Cengkaraman Anton pada palang besi berdiameter sekitar lima sentimeter itu semakin erat, "Sudah, Pak." Refleks Anton memejamkan matanya. Berbohong bukanlah hal yang ia sukai, tapi kali ini ia tak punya pilihan lain.

Anton memang tidak enakan, tapi ia tidak bodoh. Ia pasti akan melakukan berbagai cara untuk mempertahankan pekerjaan sekarang.

"Bagus, kalau begitu, kau selalu dapat diandalkan."

Refleks Anton melepaskan cengkramannya dan mendaratkan kakinya di lantai setelah mendengar pujian dari Fabio yang tak pernah ia dengar selama ini.

Karena pujian yang ia terima dari hasil kebohongan, membuat tubuh Anton mematung untuk sesaat.

"Kau tak pernah mengecewakanku selama ini, aku senang memiliki orang yang bisa kupercayai seperti mu," lanjut Fabio walau ia belum menerima sahutan dari Anton.

Setelah itu ia menghentikan aktivitas olahraganya, mengambil handuk kecil dan mengelap keringat di wajahnya. Handuk kecil itu ia lingkarkan di lehernya sembari meraih botol air mineral dan meminumnya sampai habis.

Kemudia ia menepuk pundak Anton, "Aku pergi duluan, aku sudah berada sejam lebih di sini sebelum kau datang," ucapnya semakin membuat Anton merasa tak enak hati.

Hari ini ada dua orang sekaligus yang membuat hati Anton bergejolak atas perasaan tak enak tersebut.

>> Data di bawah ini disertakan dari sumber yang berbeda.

Theorem lemma13 (D l beta a : R) (h h1 h2 : R -> R)
  (hD : 0 < D) (hl : 0 < l) (hbeta : 0 < beta) (ha : 0 < a)
  (Hd1 : forall x, derivable_pt_lim h x (h1 x))
  (Hd2 : forall x, derivable_pt_lim h1 x (h2 x))
  (Hode : forall x, (omegaN a beta) ^ 2 * h x
                    + 2 * xiN D l beta a * omegaN a beta * h1 x + h2 x = 0)
  (H0 : h 0 = 0) (H1 : h1 0 = 1) :
  (a = D ^ 2 * l ^ 2 * beta / 16 * (1 - (tanh (D ^ 2 * l * beta / 8)) ^ 2) ->
     (forall x, 0 <= x <= D -> 0 < h1 x /\ h2 x < 0) /\
     / h1 D = exp (D * omegaN a beta * xiN D l beta a) /
       (cosh (D * omegaN a beta * sqrt ((xiN D l beta a) ^ 2 - 1))
        - xiN D l beta a / sqrt ((xiN D l beta a) ^ 2 - 1)
          * sinh (D * omegaN a beta * sqrt ((xiN D l beta a) ^ 2 - 1))))
  /\
  (D ^ 2 * l * beta < 8 -> a = 4 / (D ^ 2 * beta) ->
     (forall x, 0 <= x <= D -> 0 < h1 x /\ h2 x < 0) /\
     / h1 D = exp (D * omegaN a beta * xiN D l beta a) /
       (cos (D * omegaN a beta * sqrt (1 - (xiN D l beta a) ^ 2))
        - xiN D l beta a / sqrt (1 - (xiN D l beta a) ^ 2)
          * sin (D * omegaN a beta * sqrt (1 - (xiN D l beta a) ^ 2)))).
Proof.
  pose proof (omegaN_pos a beta ha hbeta) as hw.
  assert (osc : damped_oscillator (omegaN a beta) (xiN D l beta a) h h1 h2)
    by (repeat split; assumption).
  assert (hc : 0 < D ^ 2 * l * beta / 8)
    by (apply Rdiv_lt_0_compat; [repeat apply Rmult_lt_0_compat|]; nra).
  split.
  - intro Ha.
    destruct (overdamped_parameters D l beta a hD hl hbeta ha Ha) as [Hxi [Hs Hc]].
    apply (overdamped_oscillator_shape _ (D ^ 2 * l * beta / 8) _ _ _ h);
      try rewrite Hs; auto.
  - intros Hsmall Ha.
    destruct (underdamped_parameters D l beta a hD hbeta Ha) as [Hw Hxi].
    destruct (acos_angle (xiN D l beta a)) as [θ [hθ [Hcos Hsin]]]; [lra|].
    apply (underdamped_oscillator_shape _ θ _ _ _ h); auto.
    rewrite Hsin, Hw, Rmult_1_l; apply sin_lt_x; lra.
Qed.
(* Row-inserting an increasing sequence x_1 < ... < x_p into a row bumps an
   increasing sequence, and once x_1 sits in the row every later x_i bumps an
   entry. Hence each row of U = (((T <- x_1) <- ...) <- x_p) has at most one box
   more than the corresponding row of T, so the shape of U evenizes back to the
   even shape of T; and the first row grows exactly when x_1 is appended, i.e.
   when x_1 is at most the last entry of that row. As shapes are partitions, U
   fits in (2m)^n iff its first row does, which for a full first row of T
   means T_{1,2m} < x_1, i.e. t^{-1}(1) is contained in S(T). *)

Lemma geq_trans : transitive geq.
Proof. by move=> y x z le_yx le_zy; apply: leq_trans le_zy le_yx. Qed.

Lemma size_set_nth_lt (A : Type) (x0 : A) s i y : i < size s ->
  size (set_nth x0 s i y) = size s.
Proof. by move=> lt_i_s; rewrite size_set_nth; apply/maxn_idPr. Qed.

Lemma mem_set_nth_lt (A : eqType) (x0 : A) s i y : i < size s -> y \in set_nth x0 s i y.
Proof.
by move=> lt_i_s; apply/(nthP x0); exists i; rewrite ?size_set_nth_lt ?nth_set_nth /= ?eqxx.
Qed.

Lemma sorted_geq_nth (r : seq nat) i j : sorted geq r -> i <= j -> j < size r ->
  nth 0 r j <= nth 0 r i.
Proof.
move=> r_sorted le_ij lt_j_r.
apply: (sorted_leq_nth geq_trans leqnn 0 r_sorted) => //.
by rewrite inE (leq_ltn_trans le_ij).
Qed.

Lemma all_leq_last (r : seq nat) x : sorted geq r -> r != [::] ->
  all (leq x) r = (x <= last 0 r).
Proof.
move=> r_sorted r_nil; have lt_last_r : (size r).-1 < size r by rewrite prednK // lt0n size_eq0.
apply/allP/idP => [-> //|le_x_last y /(nthP 0) [i lt_i_r <-]].
  by rewrite -nth_last mem_nth.
by apply: leq_trans le_x_last _; rewrite -nth_last sorted_geq_nth // -ltnS prednK // lt0n size_eq0.
Qed.

Variant row_ins_spec (r : seq nat) (x : nat) : option nat * seq nat -> Type :=
  | RowInsBump j of j < size r & nth 0 r j < x & (forall i, i < j -> x <= nth 0 r i) :
      row_ins_spec r x (Some (nth 0 r j), set_nth 0 r j x)
  | RowInsAppend of all (leq x) r : row_ins_spec r x (None, rcons r x).
Lemma score_rotation z x : score (rotation z) (rotation x) = score z x.
Proof. by rewrite /score !seat_rotation opprD addrACA subrr addr0. Qed.

Lemma score_gt0 z x : x != z -> 0 < score z x.
Proof. by rewrite /score /rank subr_eq0 (inj_eq seat_inj) => /negbTE ->. Qed.

Definition table_profile : profile n :=
  [ffun z => score_order (acceptable z) (score z)].

Lemma gen_profile_table : gen_profile table_profile.
Proof.
have lin z X : linear_order_on X (score_order X (score z)).
  by apply: score_order_linear => x y _ _; apply: score_inj.
move=> z; rewrite ffunE /acceptable /opposite !inE; split=> zn.
  by rewrite zn; apply: lin.
by rewrite leqNgt in zn; rewrite (negbTE zn); apply: lin.
Qed.

Lemma table_profile_rotation : profile_act table_profile rotation = table_profile.
Proof.
apply/ffunP => z; rewrite !ffunE; apply: rel_act_score_order.
  by rewrite rotation_acceptable permKV.
by move=> x; rewrite -{1}[z](permKV rotation) score_rotation.
Qed.

Lemma gen_matching_acceptable (mu : {perm agent n}) z :
  gen_matching mu -> mu z \in acceptable z.
Proof.
case=> muW muM _; apply/setU1P; case: (eqVneq (mu z) z) => [| muz]; [by left | right].
rewrite /opposite; case: ifP => zn.
  by apply: muW; rewrite // inE zn.
by apply: muM; rewrite // inE leqNgt zn.
Qed.

Lemma gen_matching_side_swap (mu : {perm agent n}) :
  (forall z, mu (mu z) = z) -> (forall z, (mu z < n) = ~~ (z < n)) -> gen_matching mu.
Proof.
move=> mu_inv mu_side; split=> // x; rewrite !inE => xs _.
  by rewrite leqNgt mu_side xs.
by rewrite mu_side -leqNgt.
Qed.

Ia benci tapi ia tak dapat mengusir perasaan itu dari dalam dirinya.

Ia hanya bisa berdoa supaya Fabio tidak akan bertemu dengan Darla selama berada di kapal ini dan semoga Darla amanah terhadap janjinya.

Anton melanjutkan olahraganya dengan mengangkat besi seberat 120 kg, melampiaskan kekesalannya hari ini. Setelah berhasil mengangkatnya sekuat tenaga dan sukses melempar besi itu ke lantai kembali, mendadak ia mendapat ide cemerlang.

Senyum smirk-pun terbit di wajahnya. "Aku yakin, itu pasti akan sangat membantu Bos," gumamnya.